(ENTRIES PROVIDED Opens)

(* Both identities are polynomial identities in the entries of B, and these
   entries are odd elements of E, hence pairwise anticommuting and of square
   zero (2 being invertible).  We prove them by reflection.
   - Counting inversions shows how the coordinate of a word on a basis
     monomial changes when a block of it is sorted or two blocks are swapped.
     Hence the coordinates of a product only depend on those of the factors
     (multiplication is well defined on E), and odd elements anticommute.
   - A formal combination X over a field F of words in abstract generators is
     evaluated in E by a ring morphism f : F -> K on the coefficients and an
     assignment v of elements of E to the generators; evaluation commutes
     with all the operations used in the identities.
   - When every v k is odd, each word may be replaced by a signed increasing
     word (or dropped) without changing its value, and a combination of such
     normal words whose coefficients cancel word by word evaluates to 0.
   - For the generic matrix with entries the generators, over Q, the entries
     of both identities reduce to cancelling normal forms, which is checked by
     computation; evaluating by ratr : Q -> K (a ring morphism since K has
     characteristic 0) at the entries of B gives the theorem. *)

Definition cross (u v : word) : nat := (\sum_(a <- u) count (fun b => b < a) v)%N.

Lemma ninv_cat u v : ninv (u ++ v) = (ninv u + ninv v + cross u v)%N.
Proof.
elim: u => [|a u IH] /=; first by rewrite /cross big_nil addn0.
rewrite IH /cross big_cons count_cat; lia.
Qed.

Lemma cross_perml u u' v : perm_eq u u' -> cross u v = cross u' v.
Proof. by move=> h; apply: perm_big. Qed.

Lemma cross_permr u v v' : perm_eq v v' -> cross u v = cross u v'.
Proof. by move=> /permP h; apply: eq_bigr => a _; apply: h. Qed.

Lemma count_ltn_gtn a v : a \notin v ->
  (count (fun b => b < a) v + count (fun b => a < b) v = size v)%N.
Proof.
elim: v => //= b v IH; rewrite in_cons negb_or => /andP[ne /IH H].
by case: (ltngtP b a) ne => // h _; lia.
Qed.

Lemma cross_consr a u v :
  cross v (a :: u) = (count (fun b => a < b) v + cross v u)%N.
Proof.
rewrite /cross; elim: v => [|b v IH]; first by rewrite !big_nil.
by rewrite !big_cons IH /=; lia.
Qed.

(* for disjoint duplicate-free words every pair of letters is inverted once *)
Lemma cross_sym u v : uniq (u ++ v) -> (cross u v + cross v u = size u * size v)%N.
Proof.
elim: u => [|a u IH] /=.
  by move=> _; rewrite /cross big_nil add0n big1 // => b _.
move=> /andP[nav /IH IHuv].
rewrite mem_cat negb_or in nav; case/andP: nav => _ nav.
rewrite cross_consr /cross big_cons -/(cross u v) -/(cross v u) mulSn.
by rewrite addnACA (count_ltn_gtn nav) IHuv.
Qed.

Lemma ninv_sorted s : sorted leq s -> ninv s = 0%N.
Proof.
elim: s => //= a s IH hs.
rewrite IH ?(path_sorted hs) // addn0.
have /allP hall := order_path_min leq_trans hs.
rewrite (eq_in_count (a2 := pred0)) ?count_pred0 // => b /hall /=.
by rewrite ltnNge => ->.
Qed.

Section Coordinates.
Variable K : fieldType.
Local Notation wcoef := (@wcoef K).
Local Notation gcoef := (@gcoef K).

Lemma perm_sort_leq u : perm_eq u (sort leq u).
Proof. by rewrite perm_sym perm_sort. Qed.

Lemma wcoef_catl u v S :
  wcoef (u ++ v) S = wcoef u (sort leq u) * wcoef (sort leq u ++ v) S.
Proof.
rewrite /wcoef perm_sort_leq andbT.
have pc : perm_eq (sort leq u ++ v) (u ++ v) by rewrite perm_cat2r perm_sort.
rewrite (perm_uniq pc) (permPl pc).
case Hu: (uniq u); last by rewrite cat_uniq Hu /= mul0r.
case: ifP => _; last by rewrite mulr0.
rewrite !ninv_cat (ninv_sorted (sort_sorted leq_total u)).
by rewrite (cross_perml _ (perm_sort_leq u)) -exprD; congr (_ ^+ _); lia.
Qed.

Lemma wcoef_catr u v S :
  wcoef (v ++ u) S = wcoef u (sort leq u) * wcoef (v ++ sort leq u) S.
Proof.
rewrite /wcoef perm_sort_leq andbT.
have pc : perm_eq (v ++ sort leq u) (v ++ u) by rewrite perm_cat2l perm_sort.
rewrite (perm_uniq pc) (permPl pc).
case Hu: (uniq u); last by rewrite cat_uniq Hu !andbF mul0r.
case: ifP => _; last by rewrite mulr0.
rewrite !ninv_cat (ninv_sorted (sort_sorted leq_total u)).
by rewrite (cross_permr _ (perm_sort_leq u)) -exprD; congr (_ ^+ _); lia.
Qed.

Lemma wcoef_swap T U S :
  wcoef (T ++ U) S = (-1) ^+ (size T * size U) * wcoef (U ++ T) S.
Proof.
rewrite /wcoef uniq_catC (perm_catC T U).
case: ifP => h; last by rewrite mulr0.
have hc := cross_sym (proj1 (andP h)).
rewrite !ninv_cat -exprD.
have -> : (size T * size U + (ninv U + ninv T + cross U T) =
   (ninv T + ninv U + cross T U) + (cross U T).*2)%N by rewrite mulnC -hc; lia.
by rewrite -[RHS]signr_odd oddD odd_double addbF signr_odd.
Qed.

Lemma gcoef_add x y S : gcoef (gadd x y) S = gcoef x S + gcoef y S.
Proof. by rewrite /gcoef big_cat. Qed.

Lemma gcoef0 S : gcoef (gzero K) S = 0.
Proof. by rewrite /gcoef big_nil. Qed.

Lemma gcoef_scale a x S : gcoef (gscale a x) S = a * gcoef x S.
Proof. by rewrite /gcoef big_map mulr_sumr; apply: eq_bigr => p _; rewrite mulrA. Qed.

Lemma gcoef_sum s S : gcoef (gsum s) S = \sum_(x <- s) gcoef x S.
Proof.
elim: s => [|x s IH]; first by rewrite big_nil gcoef0.
by rewrite big_cons /= gcoef_add IH.
Qed.

Lemma gcoef_mul x y S : gcoef (gmul x y) S =
  \sum_(p <- x) \sum_(q <- y) p.1 * q.1 * wcoef (p.2 ++ q.2) S.
Proof. by rewrite /gcoef /gmul big_allpairs_dep. Qed.

(* Multiplication is well defined on E: expanding both factors in the
   standard basis. *)

Definition covers (x : Gr K) (L : seq word) :=
  [/\ uniq L, all (sorted ltn) L & forall p, p \in x -> uniq p.2 -> sort leq p.2 \in L].

Lemma sum_cover x (G : word -> K) L : covers x L ->
  \sum_(p <- x) p.1 * wcoef p.2 (sort leq p.2) * G (sort leq p.2) =
  \sum_(T <- L) gcoef x T * G T.
Proof.
case=> uL /allP sL hL.
under [RHS]eq_bigr => T _ do rewrite /gcoef mulr_suml.
rewrite exchange_big /=; apply: eq_big_seq => p px.
under eq_bigr => T _ do rewrite -mulrA.
rewrite -mulr_sumr -mulrA; congr (_ * _).
case Hu: (uniq p.2); last first.
  by rewrite /wcoef Hu /= mul0r big1 // => T _; rewrite mul0r.
rewrite (bigD1_seq (sort leq p.2)) ?hL //= big_seq_cond big1 ?addr0 //.
move=> T /andP[TL ne]; rewrite /wcoef Hu /=; case: ifP => [pT|]; last by rewrite mul0r.
have sT : sorted leq T by move: (sL T TL); rewrite ltn_sorted_uniq_leq => /andP[].
have := perm_sortP leq_total leq_trans anti_leq _ _ pT.
by rewrite (sorted_sort leq_trans sT) => e; rewrite e eqxx in ne.
Qed.

Lemma gcoef_mul_basis x y L L' S : covers x L -> covers y L' ->
  gcoef (gmul x y) S =
  \sum_(T <- L) \sum_(U <- L') gcoef x T * gcoef y U * wcoef (T ++ U) S.
Proof.
move=> cx cy; rewrite gcoef_mul.
transitivity (\sum_(p <- x) p.1 * wcoef p.2 (sort leq p.2) *
   (fun T => \sum_(q <- y) q.1 * wcoef (T ++ q.2) S) (sort leq p.2)).
  apply: eq_bigr => p _ /=; rewrite mulr_sumr; apply: eq_bigr => q _.
  by rewrite wcoef_catl; ring.
rewrite (sum_cover (fun T => \sum_(q <- y) q.1 * wcoef (T ++ q.2) S) cx).
apply: eq_bigr => T _ /=.
transitivity (gcoef x T * \sum_(q <- y) q.1 * wcoef q.2 (sort leq q.2) *
   (fun U => wcoef (T ++ U) S) (sort leq q.2)).
  by congr (_ * _); apply: eq_bigr => q _; rewrite wcoef_catr mulrA.
rewrite (sum_cover (fun U => wcoef (T ++ U) S) cy) mulr_sumr.
by apply: eq_bigr => U _; rewrite mulrA.
Qed.

Definition cover (x : Gr K) : seq word := undup [seq sort leq p.2 | p <- x & uniq p.2].

Lemma cover_sub x z : {subset x <= z} -> covers x (cover z).
Proof.
move=> xz; split; first exact: undup_uniq.
  apply/allP => T; rewrite mem_undup => /mapP[p].
  rewrite mem_filter => /andP[up _] ->.
  by rewrite ltn_sorted_uniq_leq sort_uniq up sort_sorted //; exact: leq_total.
by move=> p px up; rewrite mem_undup; apply: map_f; rewrite mem_filter up xz.
Qed.

Lemma cover_self x : covers x (cover x).
Proof. exact: cover_sub. Qed.

Definition gequiv (x y : Gr K) := forall S, gcoef x S = gcoef y S.

Lemma gequiv_mull x x' y : gequiv x x' -> gequiv (gmul x y) (gmul x' y).
Proof.
move=> h S.
have c1 : covers x (cover (x ++ x')) by apply: cover_sub => p hp; rewrite mem_cat hp.
have c2 : covers x' (cover (x ++ x')) by apply: cover_sub => p hp; rewrite mem_cat hp orbT.
rewrite (gcoef_mul_basis _ c1 (cover_self y)) (gcoef_mul_basis _ c2 (cover_self y)).
by apply: eq_bigr => T _; rewrite h.
Qed.

Lemma gequiv_mulr x y y' : gequiv y y' -> gequiv (gmul x y) (gmul x y').
Proof.
move=> h S.
have c1 : covers y (cover (y ++ y')) by apply: cover_sub => p hp; rewrite mem_cat hp.
have c2 : covers y' (cover (y ++ y')) by apply: cover_sub => p hp; rewrite mem_cat hp orbT.
rewrite (gcoef_mul_basis _ (cover_self x) c1) (gcoef_mul_basis _ (cover_self x) c2).
by apply: eq_bigr => T _; apply: eq_bigr => U _; rewrite h.
Qed.

(* odd elements anticommute: swapping two odd monomials gives a sign -1 *)
Lemma gmul_anti x y : godd x -> godd y -> gequiv (gmul x y) (gscale (-1) (gmul y x)).
Proof.
move=> ox oy S; rewrite gcoef_scale.
rewrite (gcoef_mul_basis _ (cover_self x) (cover_self y)).
rewrite (gcoef_mul_basis _ (cover_self y) (cover_self x)).
rewrite [in RHS]exchange_big mulr_sumr; apply: eq_big_seq => T hT.
rewrite mulr_sumr; apply: eq_big_seq => U hU.
have [_ /allP sx _] := cover_self x.
have [_ /allP sy _] := cover_self y.
case: (boolP (odd (size T))) => oT; last by rewrite ox ?sx // !(mul0r, mulr0).
case: (boolP (odd (size U))) => oU; last by rewrite oy ?sy // !(mul0r, mulr0).
rewrite wcoef_swap -signr_odd oddM oT oU /= expr1; ring.
Qed.

Lemma gmulA x y z S : gcoef (gmul (gmul x y) z) S = gcoef (gmul x (gmul y z)) S.
Proof.
rewrite !gcoef_mul big_allpairs_dep; apply: eq_bigr => p _.
rewrite big_allpairs_dep; apply: eq_bigr => q _; apply: eq_bigr => r _ /=.
by rewrite catA mulrA.
Qed.

Lemma gmulDl x y z S : gcoef (gmul (gadd x y) z) S = gcoef (gmul x z) S + gcoef (gmul y z) S.
Proof. by rewrite !gcoef_mul big_cat. Qed.

Lemma gmulDr x y z S : gcoef (gmul x (gadd y z)) S = gcoef (gmul x y) S + gcoef (gmul x z) S.
Proof. by rewrite !gcoef_mul -big_split; apply: eq_bigr => p _; rewrite big_cat. Qed.

Lemma gmulZl a x y S : gcoef (gmul (gscale a x) y) S = a * gcoef (gmul x y) S.
Proof.
rewrite !gcoef_mul big_map mulr_sumr; apply: eq_bigr => p _.
by rewrite mulr_sumr; apply: eq_bigr => q _ /=; ring.
Qed.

(ENTRIES PROVIDED Closes)

--- TASK BRIEF ---
Repeat each line of the data above, exactly as it appears, from the first through the line that contains "monomial changes when".

--- EXERCISE RESULT ---
(* Both identities are polynomial identities in the entries of B, and these
   entries are odd elements of E, hence pairwise anticommuting and of square
   zero (2 being invertible).  We prove them by reflection.
   - Counting inversions shows how the coordinate of a word on a basis
     monomial changes when a block of it is sorted or two blocks are swapped.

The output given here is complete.